Exercise objective
Reproduce the entries shown below only from the line with "Hypotheses (F_convex : convexR F)" down to the line with "[dual_pt w] a", keeping both end lines and copying each one exactly.
⁂
(* A quadratic with positive leading coefficient dominates the at most linear growth of [F]. *)
Lemma lipschitzR_quad_min c beta : 0 < c ->
  exists s, forall y, F s + c * s ^+ 2 - beta * s <= F y + c * y ^+ 2 - beta * y.
Proof.
move=> c_gt0; pose G y := F y + c * y ^+ 2 - beta * y.
have G_cont : continuous G.
  move=> x; apply: cvgB; first apply: cvgD.
  - exact: lipschitzR_continuous.
  - by apply: cvgM; [exact: cvg_cst | rewrite expr2; apply: cvgM; exact: cvg_id].
  - by apply: cvgM; [exact: cvg_cst | exact: cvg_id].
pose K := (`|M| + `|beta|) / c.
have K_ge0 : 0 <= K by rewrite divr_ge0 ?addr_ge0 // ltW.
have [s _ s_min] : exists2 s, s \in `[- K, K]%R & forall y, y \in `[- K, K]%R -> G s <= G y.
  apply: EVT_min; first by rewrite lerNl; lra.
  exact: continuous_subspaceT.
have G0 : G s <= G 0 by apply: s_min; rewrite in_itv /=; lra.
exists s => y; rewrite -/(G s) -/(G y).
have [yK|Ky] := leP `|y| K; first by apply: s_min; rewrite in_itv /= -ler_norml.
apply: le_trans G0 _; rewrite /G expr0n /= !mulr0 addr0 subr0.
have F_lb : F 0 - `|M| * `|y| <= F y.
  have := F_lipschitz y 0; rewrite subr0 => Fy0.
  have := ler_wpM2r (normr_ge0 y) (ler_norm M).
  have := ler_norm (F 0 - F y); rewrite distrC; lra.
have by_le : beta * y <= `|beta| * `|y| by rewrite -normrM ler_norm.
have y2 : y ^+ 2 = `|y| ^+ 2 by rewrite real_normK // num_real.
have Mb_lt : `|M| + `|beta| < c * `|y| by rewrite /K ltr_pdivrMr // mulrC in Ky.
rewrite y2; have := normr_ge0 y; have := normr_ge0 M; have := normr_ge0 beta; nra.
Qed.

End LipschitzReal.

Section ProxConjugate.
Variables (R : realType) (F : R -> R) (M nn a z c : R).
Hypotheses (F_convex : convexR F)
  (F_lipschitz : forall x y, `|F x - F y| <= M * `|x - y|).
Hypotheses (nn_gt0 : 0 < nn) (a_ge0 : 0 <= a).

Let quad w := a * (w - z) ^+ 2 + c * (w - z).
Let prox_obj w : \bar R := ((quad w)%:E + (nn^-1)%:E * conjugate F w)%E.
(* [- nn] times the derivative of [quad]: a minimizer [w] of [prox_obj] makes
   [dual_pt w] a subgradient of [conjugate F] at [w]. *)
Let dual_pt w := nn * (- (2 * a * (w - z)) - c).
Let is_subgradient w s := forall y, F s + w * (y - s) <= F y.

Lemma exists_subgradient_at_dual_pt : exists w, is_subgradient w (dual_pt w).
Proof.
have nn_neq0 : nn != 0 by rewrite gt_eqF.
rewrite /is_subgradient /dual_pt.
have [->|a_neq0] := eqVneq a 0.
  have [w sub_w] := convexR_subgradient F_convex (- (nn * c)).
  exists w; rewrite (_ : nn * _ = - (nn * c)) //; ring.
(* [dual_pt w = s] means [w = z - c / (2 a) - s / (2 nn a)], which is a
   subgradient at [s] by the first-order condition when [s] minimizes
   [F s + s ^+ 2 / (4 nn a) - (z - c / (2 a)) s]. *)
have a_gt0 : 0 < a by rewrite lt0r a_neq0.
have C_gt0 : 0 < (4 * nn * a)^-1 by rewrite invr_gt0 !mulr_gt0.
have [s s_min] := lipschitzR_quad_min F_lipschitz (z - c / (2 * a)) C_gt0.
exists (z - c / (2 * a) - 2 * (4 * nn * a)^-1 * s).
have -> : nn * (- (2 * a * (z - c / (2 * a) - 2 * (4 * nn * a)^-1 * s - z)) - c) = s.
  by field; rewrite nn_neq0 a_neq0.
exact: (convexR_quad_min_subgradient F_convex (ltW C_gt0) s_min).
Qed.
Lemma in_conv_max (R : realFieldType) (d : nat) (s : seq 'rV[R]_d) (c x0 : 'rV[R]_d) :
  in_conv s x0 -> exists2 v, in_conv s v & forall x, in_conv s x -> dotv c x <= dotv c v.
Proof.
move=> [l0 [_ [l0_sum _]]].
have [k0 _] : exists k0 : 'I_(size s), true.
  case: (size s) l0 l0_sum => [|m] l0 l0_sum; last by exists ord0.
  by move: l0_sum; rewrite big_ord0 => /eqP; rewrite eq_sym oner_eq0.
case: (@arg_maxP _ _ _ k0 xpredT (fun k => dotv c s`_k) isT) => k1 _ k1_max.
exists s`_k1.
  exists (fun j => (j == k1)%:R); split; first by move=> j; rewrite ler0n.
  split; first by rewrite (bigD1 k1) //= eqxx big1 ?addr0 // => j /negbTE ->.
  by rewrite (bigD1 k1) //= eqxx scale1r big1 ?addr0 // => j /negbTE ->; rewrite scale0r.
move=> x [l [l_ge0 [l_sum ->]]]; rewrite dotv_sumZr.
apply: le_trans (_ : \sum_j l j * dotv c s`_k1 <= _); last by rewrite -mulr_suml l_sum mul1r.
by apply: ler_sum => j _; apply: ler_wpM2l => //; exact: k1_max.
Qed.

Section RelativeInterior.
Variables (R : realFieldType) (d n : nat).

Definition sconv (k : R) (g : 'I_n -> 'rV[R]_d) (S : 'I_n -> Prop) (x : 'rV[R]_d) : Prop :=
  exists l : 'I_n -> R, (forall i, 0 <= l i) /\ (forall i, ~ S i -> l i = 0) /\
    \sum_i l i = 1 /\ x = k *: \sum_i l i *: g i.

(* A relative interior point x of a set containing 0 can be pushed outwards:
   (1 + t) x stays in the set for some t > 0, since it lies on the affine line
   through 0 and x. *)
Lemma relint_dilate (K : 'rV[R]_d -> Prop) (x : 'rV[R]_d) :
  K 0 -> relint K x -> exists2 t, 0 < t & K ((1 + t) *: x).
Proof.
move=> K0 [Kx [eps [eps_gt0 near_K]]].
pose Sx := \sum_j `|x 0 j|.
have Sx1_gt0 : 0 < 1 + Sx by rewrite ltr_pwDl // sumr_ge0.
pose t := eps / (1 + Sx); have t_gt0 : 0 < t by rewrite divr_gt0.
exists t => //; apply: near_K.
  exists [:: x; 0]; split; first by move=> v; rewrite !inE => /orP[]/eqP->.
  exists (fun j : 'I_2 => if val j == 0%N then 1 + t else - t).
  by rewrite !big_ord_recl !big_ord0 /= scaler0 !addr0; split => //; ring.
move=> j; rewrite mxE.
have -> : (1 + t) * x 0 j - x 0 j = t * x 0 j by ring.
rewrite normrM (ger0_norm (ltW t_gt0)).
have -> : eps = t * (1 + Sx) by rewrite /t divfK // gt_eqF.
by rewrite ltr_pM2l // ltr_pwDl // /Sx (bigD1 j) //= lerDl sumr_ge0.
Qed.

(* Vectors in the span of a finite family admit coefficients bounded linearly
   in their size: multiply by a pseudo-inverse of the matrix of the family. *)
Lemma span_small_coords (g : 'I_n -> 'rV[R]_d) (S : pred 'I_n) :
  exists2 B, 0 < B & forall u : 'rV[R]_d,
    (exists w : 'I_n -> R, u = \sum_(i | S i) w i *: g i) ->
    exists p : 'I_n -> R, u = \sum_(i | S i) p i *: g i /\
      forall i, `|p i| <= B * \sum_j `|u 0 j|.
Proof.
pose M : 'M[R]_(n, d) := \matrix_(i, j) (if S i then g i 0 j else 0).
have rowM (q : 'rV[R]_n) : q *m M = \sum_(i | S i) q 0 i *: g i.
  apply/matrixP => i0 j; rewrite (ord1 i0) !mxE summxE [RHS]big_mkcond /=.
  by apply: eq_bigr => i _; rewrite !mxE; case: ifP; rewrite ?mxE ?mulr0.
pose Q := pinvmx M; pose B := 1 + \sum_i \sum_j `|Q j i|.
have Q_le_B j i : `|Q j i| <= B.
  rewrite /B (bigD1 i) //= (bigD1 j) //=.
  have : 0 <= \sum_(j' | j' != j) `|Q j' i| by rewrite sumr_ge0.
  have : 0 <= \sum_(i' | i' != i) \sum_j' `|Q j' i'|.
    by apply: sumr_ge0 => i' _; exact: sumr_ge0.
  lra.
exists B.
  by rewrite ltr_pwDl // sumr_ge0 // => i _; exact: sumr_ge0.
move=> u [w uE].
have u_in_M : (u <= M)%MS.
  suff -> : u = (\row_i w i) *m M by exact: submxMl.
  by rewrite rowM uE; apply: eq_bigr => i _; rewrite mxE.
exists (fun i => (u *m Q) 0 i); split; first by rewrite -rowM mulmxKpV.
move=> i; rewrite mxE mulr_sumr; apply: le_trans (ler_norm_sum _ _ _) _.
apply: ler_sum => j _; rewrite normrM mulrC.
by apply: ler_wpM2r; [exact: normr_ge0 | exact: Q_le_B].
Qed.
⁂
Solution
Hypotheses (F_convex : convexR F)
  (F_lipschitz : forall x y, `|F x - F y| <= M * `|x - y|).
Hypotheses (nn_gt0 : 0 < nn) (a_ge0 : 0 <= a).

Let quad w := a * (w - z) ^+ 2 + c * (w - z).
Let prox_obj w : \bar R := ((quad w)%:E + (nn^-1)%:E * conjugate F w)%E.
(* [- nn] times the derivative of [quad]: a minimizer [w] of [prox_obj] makes
   [dual_pt w] a subgradient of [conjugate F] at [w]. *)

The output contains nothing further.